[Stored data entries]
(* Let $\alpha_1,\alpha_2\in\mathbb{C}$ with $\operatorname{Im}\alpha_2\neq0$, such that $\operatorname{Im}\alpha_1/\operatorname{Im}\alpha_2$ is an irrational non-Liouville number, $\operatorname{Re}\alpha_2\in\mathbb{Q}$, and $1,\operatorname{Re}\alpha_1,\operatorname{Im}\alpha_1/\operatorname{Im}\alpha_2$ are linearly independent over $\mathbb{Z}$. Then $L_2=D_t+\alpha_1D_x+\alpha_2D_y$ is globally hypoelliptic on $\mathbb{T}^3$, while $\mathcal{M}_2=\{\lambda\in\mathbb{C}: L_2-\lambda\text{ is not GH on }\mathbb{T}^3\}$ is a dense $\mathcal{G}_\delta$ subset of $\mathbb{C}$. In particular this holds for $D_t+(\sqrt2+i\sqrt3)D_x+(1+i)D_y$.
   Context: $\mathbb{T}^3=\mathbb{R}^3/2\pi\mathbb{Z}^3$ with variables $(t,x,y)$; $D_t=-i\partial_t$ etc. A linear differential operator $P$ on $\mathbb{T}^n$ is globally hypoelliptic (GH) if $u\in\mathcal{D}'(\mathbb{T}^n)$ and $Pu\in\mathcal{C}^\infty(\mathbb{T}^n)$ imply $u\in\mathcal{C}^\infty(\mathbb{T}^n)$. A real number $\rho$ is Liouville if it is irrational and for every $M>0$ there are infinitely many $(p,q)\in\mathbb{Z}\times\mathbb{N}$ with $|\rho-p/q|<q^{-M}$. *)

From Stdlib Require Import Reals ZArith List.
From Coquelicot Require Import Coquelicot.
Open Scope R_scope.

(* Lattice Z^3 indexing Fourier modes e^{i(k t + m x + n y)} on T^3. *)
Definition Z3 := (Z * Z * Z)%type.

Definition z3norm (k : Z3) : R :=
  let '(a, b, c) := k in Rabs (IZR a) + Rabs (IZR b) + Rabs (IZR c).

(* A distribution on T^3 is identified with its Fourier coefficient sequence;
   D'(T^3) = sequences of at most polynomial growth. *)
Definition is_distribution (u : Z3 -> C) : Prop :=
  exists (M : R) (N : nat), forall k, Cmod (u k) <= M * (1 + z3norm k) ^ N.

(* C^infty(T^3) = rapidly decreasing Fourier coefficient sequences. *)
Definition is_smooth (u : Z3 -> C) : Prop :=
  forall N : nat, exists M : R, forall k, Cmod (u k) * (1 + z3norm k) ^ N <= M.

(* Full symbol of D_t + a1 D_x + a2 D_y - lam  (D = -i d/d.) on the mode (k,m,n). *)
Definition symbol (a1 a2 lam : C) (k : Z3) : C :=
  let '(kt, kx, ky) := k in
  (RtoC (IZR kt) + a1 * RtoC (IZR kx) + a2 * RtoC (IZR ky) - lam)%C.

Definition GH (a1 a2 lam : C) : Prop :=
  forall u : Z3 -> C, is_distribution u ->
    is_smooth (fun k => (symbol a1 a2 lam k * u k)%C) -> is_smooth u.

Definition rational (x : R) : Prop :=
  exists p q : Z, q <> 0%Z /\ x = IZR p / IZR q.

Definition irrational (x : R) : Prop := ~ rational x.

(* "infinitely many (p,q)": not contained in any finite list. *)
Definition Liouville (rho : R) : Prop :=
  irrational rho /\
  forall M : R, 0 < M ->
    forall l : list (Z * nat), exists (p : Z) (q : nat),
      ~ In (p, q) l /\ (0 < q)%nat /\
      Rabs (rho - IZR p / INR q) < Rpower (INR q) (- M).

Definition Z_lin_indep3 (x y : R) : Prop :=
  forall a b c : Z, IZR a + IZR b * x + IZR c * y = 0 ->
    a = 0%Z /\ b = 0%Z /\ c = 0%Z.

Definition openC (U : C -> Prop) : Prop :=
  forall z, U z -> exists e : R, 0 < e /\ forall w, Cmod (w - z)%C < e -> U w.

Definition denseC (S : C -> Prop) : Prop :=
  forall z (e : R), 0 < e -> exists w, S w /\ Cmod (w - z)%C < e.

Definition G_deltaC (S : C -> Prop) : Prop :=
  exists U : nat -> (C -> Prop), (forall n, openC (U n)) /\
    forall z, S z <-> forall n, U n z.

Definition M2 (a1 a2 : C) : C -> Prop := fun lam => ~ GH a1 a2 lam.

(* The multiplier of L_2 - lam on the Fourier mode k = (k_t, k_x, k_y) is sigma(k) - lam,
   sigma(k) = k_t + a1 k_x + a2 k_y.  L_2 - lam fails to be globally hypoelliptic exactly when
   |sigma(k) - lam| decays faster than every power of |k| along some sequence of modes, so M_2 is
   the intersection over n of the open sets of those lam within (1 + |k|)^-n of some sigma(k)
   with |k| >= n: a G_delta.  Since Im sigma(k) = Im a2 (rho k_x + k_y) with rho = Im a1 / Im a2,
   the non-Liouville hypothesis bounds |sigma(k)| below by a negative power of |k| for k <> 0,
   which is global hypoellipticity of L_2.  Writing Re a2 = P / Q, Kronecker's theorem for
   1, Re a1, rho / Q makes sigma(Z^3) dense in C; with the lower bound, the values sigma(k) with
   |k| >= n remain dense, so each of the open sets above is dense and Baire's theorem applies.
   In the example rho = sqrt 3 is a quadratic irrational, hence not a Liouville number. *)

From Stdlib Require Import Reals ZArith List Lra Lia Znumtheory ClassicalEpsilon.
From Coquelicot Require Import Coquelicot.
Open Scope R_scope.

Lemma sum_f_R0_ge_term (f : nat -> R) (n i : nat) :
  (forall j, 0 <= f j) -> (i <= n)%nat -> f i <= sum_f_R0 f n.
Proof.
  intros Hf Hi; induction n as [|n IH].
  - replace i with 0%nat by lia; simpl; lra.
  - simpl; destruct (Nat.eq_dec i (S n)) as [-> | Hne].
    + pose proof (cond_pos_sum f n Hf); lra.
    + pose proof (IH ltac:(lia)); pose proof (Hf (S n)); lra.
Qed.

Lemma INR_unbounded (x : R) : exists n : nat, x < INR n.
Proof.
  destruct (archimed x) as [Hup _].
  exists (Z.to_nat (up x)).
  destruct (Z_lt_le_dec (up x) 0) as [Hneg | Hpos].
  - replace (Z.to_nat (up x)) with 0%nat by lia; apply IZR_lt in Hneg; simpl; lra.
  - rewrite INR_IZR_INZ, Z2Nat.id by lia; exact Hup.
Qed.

=== Goal of the exercise ===
All lines above that contain the word "Rabs" are to be copied.

=== Written reply ===
  let '(a, b, c) := k in Rabs (IZR a) + Rabs (IZR b) + Rabs (IZR c).
      Rabs (rho - IZR p / INR q) < Rpower (INR q) (- M).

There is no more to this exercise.